Dataset excerpts
+ + + + +

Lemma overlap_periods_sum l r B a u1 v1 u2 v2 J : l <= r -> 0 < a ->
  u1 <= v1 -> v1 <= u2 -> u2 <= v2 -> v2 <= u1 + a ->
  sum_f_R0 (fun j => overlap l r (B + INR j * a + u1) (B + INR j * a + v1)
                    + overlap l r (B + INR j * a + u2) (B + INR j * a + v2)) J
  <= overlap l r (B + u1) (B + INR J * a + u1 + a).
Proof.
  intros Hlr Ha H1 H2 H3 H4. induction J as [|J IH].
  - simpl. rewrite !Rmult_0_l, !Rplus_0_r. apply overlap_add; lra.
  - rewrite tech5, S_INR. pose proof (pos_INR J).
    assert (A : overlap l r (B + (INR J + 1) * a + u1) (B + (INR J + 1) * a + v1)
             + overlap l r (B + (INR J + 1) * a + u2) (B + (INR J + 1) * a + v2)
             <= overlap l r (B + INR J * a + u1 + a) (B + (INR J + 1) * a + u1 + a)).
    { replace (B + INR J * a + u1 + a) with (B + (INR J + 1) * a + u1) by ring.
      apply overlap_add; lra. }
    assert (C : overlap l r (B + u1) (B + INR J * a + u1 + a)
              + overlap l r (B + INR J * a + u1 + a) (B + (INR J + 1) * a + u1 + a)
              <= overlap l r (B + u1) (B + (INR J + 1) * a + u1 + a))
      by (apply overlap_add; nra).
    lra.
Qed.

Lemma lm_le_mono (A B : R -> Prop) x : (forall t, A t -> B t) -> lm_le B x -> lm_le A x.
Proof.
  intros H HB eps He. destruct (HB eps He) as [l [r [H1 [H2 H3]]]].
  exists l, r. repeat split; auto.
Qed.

+ + + + +

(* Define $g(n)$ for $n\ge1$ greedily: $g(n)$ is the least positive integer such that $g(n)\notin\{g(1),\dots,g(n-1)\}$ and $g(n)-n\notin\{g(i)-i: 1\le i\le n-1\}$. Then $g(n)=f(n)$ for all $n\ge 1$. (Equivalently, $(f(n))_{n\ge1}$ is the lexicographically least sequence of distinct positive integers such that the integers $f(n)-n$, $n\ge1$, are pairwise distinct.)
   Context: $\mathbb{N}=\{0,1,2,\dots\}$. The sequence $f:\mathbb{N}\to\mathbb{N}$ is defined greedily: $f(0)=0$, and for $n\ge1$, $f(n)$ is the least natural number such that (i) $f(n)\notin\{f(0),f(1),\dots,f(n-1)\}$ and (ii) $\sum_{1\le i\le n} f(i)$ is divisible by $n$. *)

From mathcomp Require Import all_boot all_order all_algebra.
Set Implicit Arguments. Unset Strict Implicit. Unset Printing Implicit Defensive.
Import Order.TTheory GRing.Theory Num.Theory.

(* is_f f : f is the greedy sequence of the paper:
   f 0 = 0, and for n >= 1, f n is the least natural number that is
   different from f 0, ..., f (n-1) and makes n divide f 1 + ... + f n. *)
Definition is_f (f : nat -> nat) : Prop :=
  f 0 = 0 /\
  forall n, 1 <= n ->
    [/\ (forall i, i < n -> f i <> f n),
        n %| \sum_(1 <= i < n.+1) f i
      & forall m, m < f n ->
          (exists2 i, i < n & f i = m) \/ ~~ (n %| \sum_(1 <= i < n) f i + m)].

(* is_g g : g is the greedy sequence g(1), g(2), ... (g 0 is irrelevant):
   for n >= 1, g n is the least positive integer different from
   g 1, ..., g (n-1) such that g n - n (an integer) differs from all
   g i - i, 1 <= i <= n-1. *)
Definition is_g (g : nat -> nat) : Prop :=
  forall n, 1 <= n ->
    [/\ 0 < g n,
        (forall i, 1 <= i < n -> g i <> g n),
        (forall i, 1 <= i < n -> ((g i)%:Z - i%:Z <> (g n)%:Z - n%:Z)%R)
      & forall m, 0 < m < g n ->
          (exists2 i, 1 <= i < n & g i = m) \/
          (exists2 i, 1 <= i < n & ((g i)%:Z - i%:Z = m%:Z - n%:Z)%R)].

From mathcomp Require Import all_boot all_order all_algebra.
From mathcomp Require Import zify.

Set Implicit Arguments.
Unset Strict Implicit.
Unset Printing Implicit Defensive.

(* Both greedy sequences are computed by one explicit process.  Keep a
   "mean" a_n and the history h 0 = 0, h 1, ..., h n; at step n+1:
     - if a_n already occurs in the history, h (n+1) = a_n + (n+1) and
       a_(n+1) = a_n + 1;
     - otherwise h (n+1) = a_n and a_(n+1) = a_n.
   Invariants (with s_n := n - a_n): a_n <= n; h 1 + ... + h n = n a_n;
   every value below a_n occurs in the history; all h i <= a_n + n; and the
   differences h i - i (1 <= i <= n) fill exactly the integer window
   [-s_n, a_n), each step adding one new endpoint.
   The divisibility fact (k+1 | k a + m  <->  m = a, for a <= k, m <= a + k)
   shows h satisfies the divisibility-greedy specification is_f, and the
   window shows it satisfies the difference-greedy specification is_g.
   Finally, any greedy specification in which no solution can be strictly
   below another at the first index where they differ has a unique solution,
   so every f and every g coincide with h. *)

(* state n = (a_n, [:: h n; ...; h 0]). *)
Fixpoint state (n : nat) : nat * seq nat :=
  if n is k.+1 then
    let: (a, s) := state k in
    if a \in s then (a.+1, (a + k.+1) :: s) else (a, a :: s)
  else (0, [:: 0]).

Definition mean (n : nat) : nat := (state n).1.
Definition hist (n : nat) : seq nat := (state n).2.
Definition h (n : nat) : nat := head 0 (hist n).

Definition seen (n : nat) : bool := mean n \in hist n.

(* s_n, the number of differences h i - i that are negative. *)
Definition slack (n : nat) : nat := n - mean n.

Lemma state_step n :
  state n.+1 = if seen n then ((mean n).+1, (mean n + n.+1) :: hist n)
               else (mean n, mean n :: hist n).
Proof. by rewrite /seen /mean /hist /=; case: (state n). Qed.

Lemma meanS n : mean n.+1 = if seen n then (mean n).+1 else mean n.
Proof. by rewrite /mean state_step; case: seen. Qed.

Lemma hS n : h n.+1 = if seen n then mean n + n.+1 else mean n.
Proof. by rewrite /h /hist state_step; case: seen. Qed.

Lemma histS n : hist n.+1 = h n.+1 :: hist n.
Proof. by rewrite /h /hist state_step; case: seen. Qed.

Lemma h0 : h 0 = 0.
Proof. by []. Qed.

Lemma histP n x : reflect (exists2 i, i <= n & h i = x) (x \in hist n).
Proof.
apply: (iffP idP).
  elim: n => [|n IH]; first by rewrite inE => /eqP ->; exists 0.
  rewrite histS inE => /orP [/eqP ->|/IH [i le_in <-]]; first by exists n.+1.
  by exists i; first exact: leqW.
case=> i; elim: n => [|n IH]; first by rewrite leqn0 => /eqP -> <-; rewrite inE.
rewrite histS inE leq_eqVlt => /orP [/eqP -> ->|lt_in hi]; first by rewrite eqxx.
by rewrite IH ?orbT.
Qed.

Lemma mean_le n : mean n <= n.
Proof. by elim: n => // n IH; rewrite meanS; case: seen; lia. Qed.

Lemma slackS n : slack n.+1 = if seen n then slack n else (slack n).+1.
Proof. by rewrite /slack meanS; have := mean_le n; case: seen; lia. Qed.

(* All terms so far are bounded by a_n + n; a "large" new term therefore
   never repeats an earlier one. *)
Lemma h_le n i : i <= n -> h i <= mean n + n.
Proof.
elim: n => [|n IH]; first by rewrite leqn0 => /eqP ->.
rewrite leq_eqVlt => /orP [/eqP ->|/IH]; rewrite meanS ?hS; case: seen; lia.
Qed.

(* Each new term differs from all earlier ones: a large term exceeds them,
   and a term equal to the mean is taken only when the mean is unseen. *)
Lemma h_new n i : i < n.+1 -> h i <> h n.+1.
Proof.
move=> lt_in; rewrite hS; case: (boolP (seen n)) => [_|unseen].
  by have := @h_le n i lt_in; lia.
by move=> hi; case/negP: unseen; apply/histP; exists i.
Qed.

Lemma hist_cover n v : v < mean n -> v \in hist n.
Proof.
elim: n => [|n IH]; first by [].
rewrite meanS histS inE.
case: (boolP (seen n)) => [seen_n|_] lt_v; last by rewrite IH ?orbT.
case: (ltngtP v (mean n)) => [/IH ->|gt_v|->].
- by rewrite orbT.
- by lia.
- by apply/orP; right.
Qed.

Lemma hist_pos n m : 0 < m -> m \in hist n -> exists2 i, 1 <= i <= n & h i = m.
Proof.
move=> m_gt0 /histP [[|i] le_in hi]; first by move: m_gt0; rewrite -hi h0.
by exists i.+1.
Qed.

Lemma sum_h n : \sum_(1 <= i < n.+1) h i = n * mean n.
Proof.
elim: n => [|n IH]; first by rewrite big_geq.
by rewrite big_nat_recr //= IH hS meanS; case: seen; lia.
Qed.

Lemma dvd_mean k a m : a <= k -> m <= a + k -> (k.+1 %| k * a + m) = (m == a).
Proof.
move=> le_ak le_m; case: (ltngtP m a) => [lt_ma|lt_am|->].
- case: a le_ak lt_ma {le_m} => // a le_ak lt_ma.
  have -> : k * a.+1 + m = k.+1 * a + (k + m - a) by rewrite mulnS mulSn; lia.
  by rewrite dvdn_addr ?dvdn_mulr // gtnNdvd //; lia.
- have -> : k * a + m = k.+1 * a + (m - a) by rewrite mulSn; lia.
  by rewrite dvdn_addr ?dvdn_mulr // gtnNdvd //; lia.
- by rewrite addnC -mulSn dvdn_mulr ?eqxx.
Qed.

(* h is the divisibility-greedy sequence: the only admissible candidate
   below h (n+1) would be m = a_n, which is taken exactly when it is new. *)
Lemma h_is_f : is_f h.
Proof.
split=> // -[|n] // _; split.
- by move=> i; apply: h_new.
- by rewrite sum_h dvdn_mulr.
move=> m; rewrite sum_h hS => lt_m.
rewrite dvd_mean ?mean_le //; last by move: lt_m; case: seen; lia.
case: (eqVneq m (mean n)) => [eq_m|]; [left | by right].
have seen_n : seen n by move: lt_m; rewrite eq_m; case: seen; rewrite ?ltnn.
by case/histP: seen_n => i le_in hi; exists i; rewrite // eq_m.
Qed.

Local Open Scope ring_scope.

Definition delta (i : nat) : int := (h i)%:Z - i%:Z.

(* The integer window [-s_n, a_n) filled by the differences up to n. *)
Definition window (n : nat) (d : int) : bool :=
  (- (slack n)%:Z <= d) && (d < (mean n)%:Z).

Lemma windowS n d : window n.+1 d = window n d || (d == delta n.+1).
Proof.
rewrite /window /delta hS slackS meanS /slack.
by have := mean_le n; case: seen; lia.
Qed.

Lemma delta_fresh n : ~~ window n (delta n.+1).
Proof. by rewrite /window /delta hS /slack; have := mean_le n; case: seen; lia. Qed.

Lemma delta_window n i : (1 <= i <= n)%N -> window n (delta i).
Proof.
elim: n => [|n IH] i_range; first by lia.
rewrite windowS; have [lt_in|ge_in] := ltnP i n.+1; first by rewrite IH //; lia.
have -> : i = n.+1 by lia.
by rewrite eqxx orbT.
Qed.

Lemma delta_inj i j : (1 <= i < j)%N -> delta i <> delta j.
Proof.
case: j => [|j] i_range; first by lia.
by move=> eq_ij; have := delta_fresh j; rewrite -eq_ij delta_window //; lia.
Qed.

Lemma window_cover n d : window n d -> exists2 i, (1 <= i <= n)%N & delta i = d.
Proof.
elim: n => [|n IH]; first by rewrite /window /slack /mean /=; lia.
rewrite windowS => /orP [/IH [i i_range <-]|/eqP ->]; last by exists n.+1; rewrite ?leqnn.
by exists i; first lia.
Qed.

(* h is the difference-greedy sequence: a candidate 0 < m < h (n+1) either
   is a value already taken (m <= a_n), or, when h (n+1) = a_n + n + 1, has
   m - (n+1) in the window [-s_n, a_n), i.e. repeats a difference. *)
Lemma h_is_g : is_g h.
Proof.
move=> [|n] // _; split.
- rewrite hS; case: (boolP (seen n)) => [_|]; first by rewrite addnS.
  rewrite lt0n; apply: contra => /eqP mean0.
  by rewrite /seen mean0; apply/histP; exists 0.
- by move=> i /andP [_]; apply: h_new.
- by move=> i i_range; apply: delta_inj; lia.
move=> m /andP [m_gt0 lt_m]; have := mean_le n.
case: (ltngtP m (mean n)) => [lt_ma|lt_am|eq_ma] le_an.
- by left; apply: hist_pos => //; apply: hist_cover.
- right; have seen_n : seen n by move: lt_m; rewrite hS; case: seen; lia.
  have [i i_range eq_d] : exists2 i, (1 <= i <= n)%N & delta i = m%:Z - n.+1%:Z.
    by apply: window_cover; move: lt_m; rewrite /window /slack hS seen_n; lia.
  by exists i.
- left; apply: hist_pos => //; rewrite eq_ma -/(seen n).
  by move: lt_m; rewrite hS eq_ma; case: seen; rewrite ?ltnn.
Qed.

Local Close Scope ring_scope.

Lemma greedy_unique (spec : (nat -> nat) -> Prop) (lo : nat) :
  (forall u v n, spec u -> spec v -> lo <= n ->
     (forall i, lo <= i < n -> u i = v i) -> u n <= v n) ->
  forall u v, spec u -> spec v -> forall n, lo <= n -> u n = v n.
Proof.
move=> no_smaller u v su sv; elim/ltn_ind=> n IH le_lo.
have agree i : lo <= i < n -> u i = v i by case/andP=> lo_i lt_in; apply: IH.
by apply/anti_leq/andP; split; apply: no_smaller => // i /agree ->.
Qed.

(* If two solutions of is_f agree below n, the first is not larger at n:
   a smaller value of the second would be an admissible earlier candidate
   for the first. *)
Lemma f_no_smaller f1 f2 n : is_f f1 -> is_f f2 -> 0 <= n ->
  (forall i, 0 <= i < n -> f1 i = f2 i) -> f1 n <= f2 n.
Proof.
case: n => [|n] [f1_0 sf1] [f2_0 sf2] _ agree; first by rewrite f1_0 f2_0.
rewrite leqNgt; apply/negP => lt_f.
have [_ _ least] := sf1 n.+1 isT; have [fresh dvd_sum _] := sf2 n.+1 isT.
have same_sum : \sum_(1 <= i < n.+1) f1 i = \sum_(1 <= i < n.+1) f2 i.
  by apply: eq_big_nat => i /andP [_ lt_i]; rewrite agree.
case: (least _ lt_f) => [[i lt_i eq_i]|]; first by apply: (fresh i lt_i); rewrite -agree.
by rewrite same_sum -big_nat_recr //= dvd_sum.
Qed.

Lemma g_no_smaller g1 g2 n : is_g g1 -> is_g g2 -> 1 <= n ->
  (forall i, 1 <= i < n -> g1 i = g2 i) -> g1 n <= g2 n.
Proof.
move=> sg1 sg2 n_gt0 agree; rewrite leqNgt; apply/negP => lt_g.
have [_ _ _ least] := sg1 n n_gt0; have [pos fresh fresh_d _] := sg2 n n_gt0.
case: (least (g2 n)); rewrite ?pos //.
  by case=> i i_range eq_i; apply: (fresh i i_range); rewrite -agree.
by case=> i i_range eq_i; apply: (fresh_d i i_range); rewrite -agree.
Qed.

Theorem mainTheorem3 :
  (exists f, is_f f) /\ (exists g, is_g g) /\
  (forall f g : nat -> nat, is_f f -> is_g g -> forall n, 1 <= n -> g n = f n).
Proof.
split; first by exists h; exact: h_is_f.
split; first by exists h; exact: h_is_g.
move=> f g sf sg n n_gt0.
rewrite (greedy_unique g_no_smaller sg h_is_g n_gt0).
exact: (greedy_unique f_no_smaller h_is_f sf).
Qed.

+ + + + +

(Exercise objective): Beginning at the line with "m - (n+1) in" and ending at the line with "Lemma greedy_unique (spec", reproduce each line of the data above exactly, and add no other lines.

(Exercise answer):
   m - (n+1) in the window [-s_n, a_n), i.e. repeats a difference. *)
Lemma h_is_g : is_g h.
Proof.
move=> [|n] // _; split.
- rewrite hS; case: (boolP (seen n)) => [_|]; first by rewrite addnS.
  rewrite lt0n; apply: contra => /eqP mean0.
  by rewrite /seen mean0; apply/histP; exists 0.
- by move=> i /andP [_]; apply: h_new.
- by move=> i i_range; apply: delta_inj; lia.
move=> m /andP [m_gt0 lt_m]; have := mean_le n.
case: (ltngtP m (mean n)) => [lt_ma|lt_am|eq_ma] le_an.
- by left; apply: hist_pos => //; apply: hist_cover.
- right; have seen_n : seen n by move: lt_m; rewrite hS; case: seen; lia.
  have [i i_range eq_d] : exists2 i, (1 <= i <= n)%N & delta i = m%:Z - n.+1%:Z.
    by apply: window_cover; move: lt_m; rewrite /window /slack hS seen_n; lia.
  by exists i.
- left; apply: hist_pos => //; rewrite eq_ma -/(seen n).
  by move: lt_m; rewrite hS eq_ma; case: seen; rewrite ?ltnn.
Qed.

Local Close Scope ring_scope.

Lemma greedy_unique (spec : (nat -> nat) -> Prop) (lo : nat) :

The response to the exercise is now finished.